* **Task details**
Go through the data below and gather each line containing "Lemma".

Start of Study material

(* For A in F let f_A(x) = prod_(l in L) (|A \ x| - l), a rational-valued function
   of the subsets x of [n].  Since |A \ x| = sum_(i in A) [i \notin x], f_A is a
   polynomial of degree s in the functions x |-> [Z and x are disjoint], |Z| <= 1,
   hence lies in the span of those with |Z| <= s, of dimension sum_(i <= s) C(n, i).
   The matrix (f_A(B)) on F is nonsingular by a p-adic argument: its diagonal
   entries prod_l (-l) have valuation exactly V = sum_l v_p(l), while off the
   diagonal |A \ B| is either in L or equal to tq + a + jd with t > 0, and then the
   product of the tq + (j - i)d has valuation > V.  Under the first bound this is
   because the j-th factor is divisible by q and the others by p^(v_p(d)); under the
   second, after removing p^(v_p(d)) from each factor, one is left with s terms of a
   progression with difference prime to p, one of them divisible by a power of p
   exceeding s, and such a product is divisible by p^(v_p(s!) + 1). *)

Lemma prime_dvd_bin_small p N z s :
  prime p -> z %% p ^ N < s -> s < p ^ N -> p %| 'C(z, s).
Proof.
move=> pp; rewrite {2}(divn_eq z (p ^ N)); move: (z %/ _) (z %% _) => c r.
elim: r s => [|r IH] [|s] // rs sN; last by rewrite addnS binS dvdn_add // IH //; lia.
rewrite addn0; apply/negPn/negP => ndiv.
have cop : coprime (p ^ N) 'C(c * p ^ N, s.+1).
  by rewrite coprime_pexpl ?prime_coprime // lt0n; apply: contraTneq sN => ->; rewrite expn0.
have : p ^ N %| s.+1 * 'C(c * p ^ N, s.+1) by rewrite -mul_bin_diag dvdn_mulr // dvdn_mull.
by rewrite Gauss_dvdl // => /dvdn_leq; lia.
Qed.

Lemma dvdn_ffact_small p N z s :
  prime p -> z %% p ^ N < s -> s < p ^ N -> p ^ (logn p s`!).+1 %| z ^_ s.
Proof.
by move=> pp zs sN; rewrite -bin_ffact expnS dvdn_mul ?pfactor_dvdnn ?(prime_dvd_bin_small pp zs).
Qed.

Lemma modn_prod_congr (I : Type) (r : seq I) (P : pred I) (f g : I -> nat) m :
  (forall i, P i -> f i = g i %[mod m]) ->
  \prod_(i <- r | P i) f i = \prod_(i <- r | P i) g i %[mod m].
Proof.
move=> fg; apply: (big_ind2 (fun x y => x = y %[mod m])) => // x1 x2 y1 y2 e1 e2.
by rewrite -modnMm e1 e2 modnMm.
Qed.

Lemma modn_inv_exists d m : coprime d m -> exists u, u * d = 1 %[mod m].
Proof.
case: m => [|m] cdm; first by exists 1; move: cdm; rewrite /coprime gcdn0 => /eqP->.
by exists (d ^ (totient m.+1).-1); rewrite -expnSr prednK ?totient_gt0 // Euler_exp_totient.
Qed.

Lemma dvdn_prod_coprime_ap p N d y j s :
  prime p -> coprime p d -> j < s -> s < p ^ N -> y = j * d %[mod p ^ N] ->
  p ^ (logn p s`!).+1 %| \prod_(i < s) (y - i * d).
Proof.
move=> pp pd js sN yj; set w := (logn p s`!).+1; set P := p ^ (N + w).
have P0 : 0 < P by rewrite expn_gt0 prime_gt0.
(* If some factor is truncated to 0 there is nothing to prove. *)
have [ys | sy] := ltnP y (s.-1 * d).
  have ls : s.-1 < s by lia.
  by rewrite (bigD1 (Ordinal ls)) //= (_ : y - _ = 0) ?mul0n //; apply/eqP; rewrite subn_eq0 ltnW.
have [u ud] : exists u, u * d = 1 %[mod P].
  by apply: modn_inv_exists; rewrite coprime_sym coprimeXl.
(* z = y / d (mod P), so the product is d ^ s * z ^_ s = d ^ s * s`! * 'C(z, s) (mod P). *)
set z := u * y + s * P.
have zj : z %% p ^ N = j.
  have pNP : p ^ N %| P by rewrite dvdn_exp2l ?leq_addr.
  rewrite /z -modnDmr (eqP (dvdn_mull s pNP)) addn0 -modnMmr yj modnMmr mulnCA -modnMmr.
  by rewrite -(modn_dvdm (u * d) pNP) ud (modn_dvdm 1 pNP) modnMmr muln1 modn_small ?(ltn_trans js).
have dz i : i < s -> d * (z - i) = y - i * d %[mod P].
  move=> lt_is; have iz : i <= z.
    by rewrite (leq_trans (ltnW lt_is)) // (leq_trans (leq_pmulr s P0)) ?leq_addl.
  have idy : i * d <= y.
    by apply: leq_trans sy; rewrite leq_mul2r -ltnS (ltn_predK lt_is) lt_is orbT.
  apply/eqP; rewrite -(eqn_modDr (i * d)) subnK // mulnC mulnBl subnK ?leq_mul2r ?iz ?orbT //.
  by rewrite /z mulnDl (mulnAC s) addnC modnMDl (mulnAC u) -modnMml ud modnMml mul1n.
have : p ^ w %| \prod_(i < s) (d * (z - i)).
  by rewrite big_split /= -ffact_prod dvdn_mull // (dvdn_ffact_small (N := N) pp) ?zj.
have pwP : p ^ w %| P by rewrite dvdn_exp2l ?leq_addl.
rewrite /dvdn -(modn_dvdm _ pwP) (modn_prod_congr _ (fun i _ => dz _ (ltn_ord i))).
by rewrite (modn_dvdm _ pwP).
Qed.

End of Study material

* **Expected answer**
Lemma prime_dvd_bin_small p N z s :
Lemma dvdn_ffact_small p N z s :
Lemma modn_prod_congr (I : Type) (r : seq I) (P : pred I) (f g : I -> nat) m :
Lemma modn_inv_exists d m : coprime d m -> exists u, u * d = 1 %[mod m].
Lemma dvdn_prod_coprime_ap p N d y j s :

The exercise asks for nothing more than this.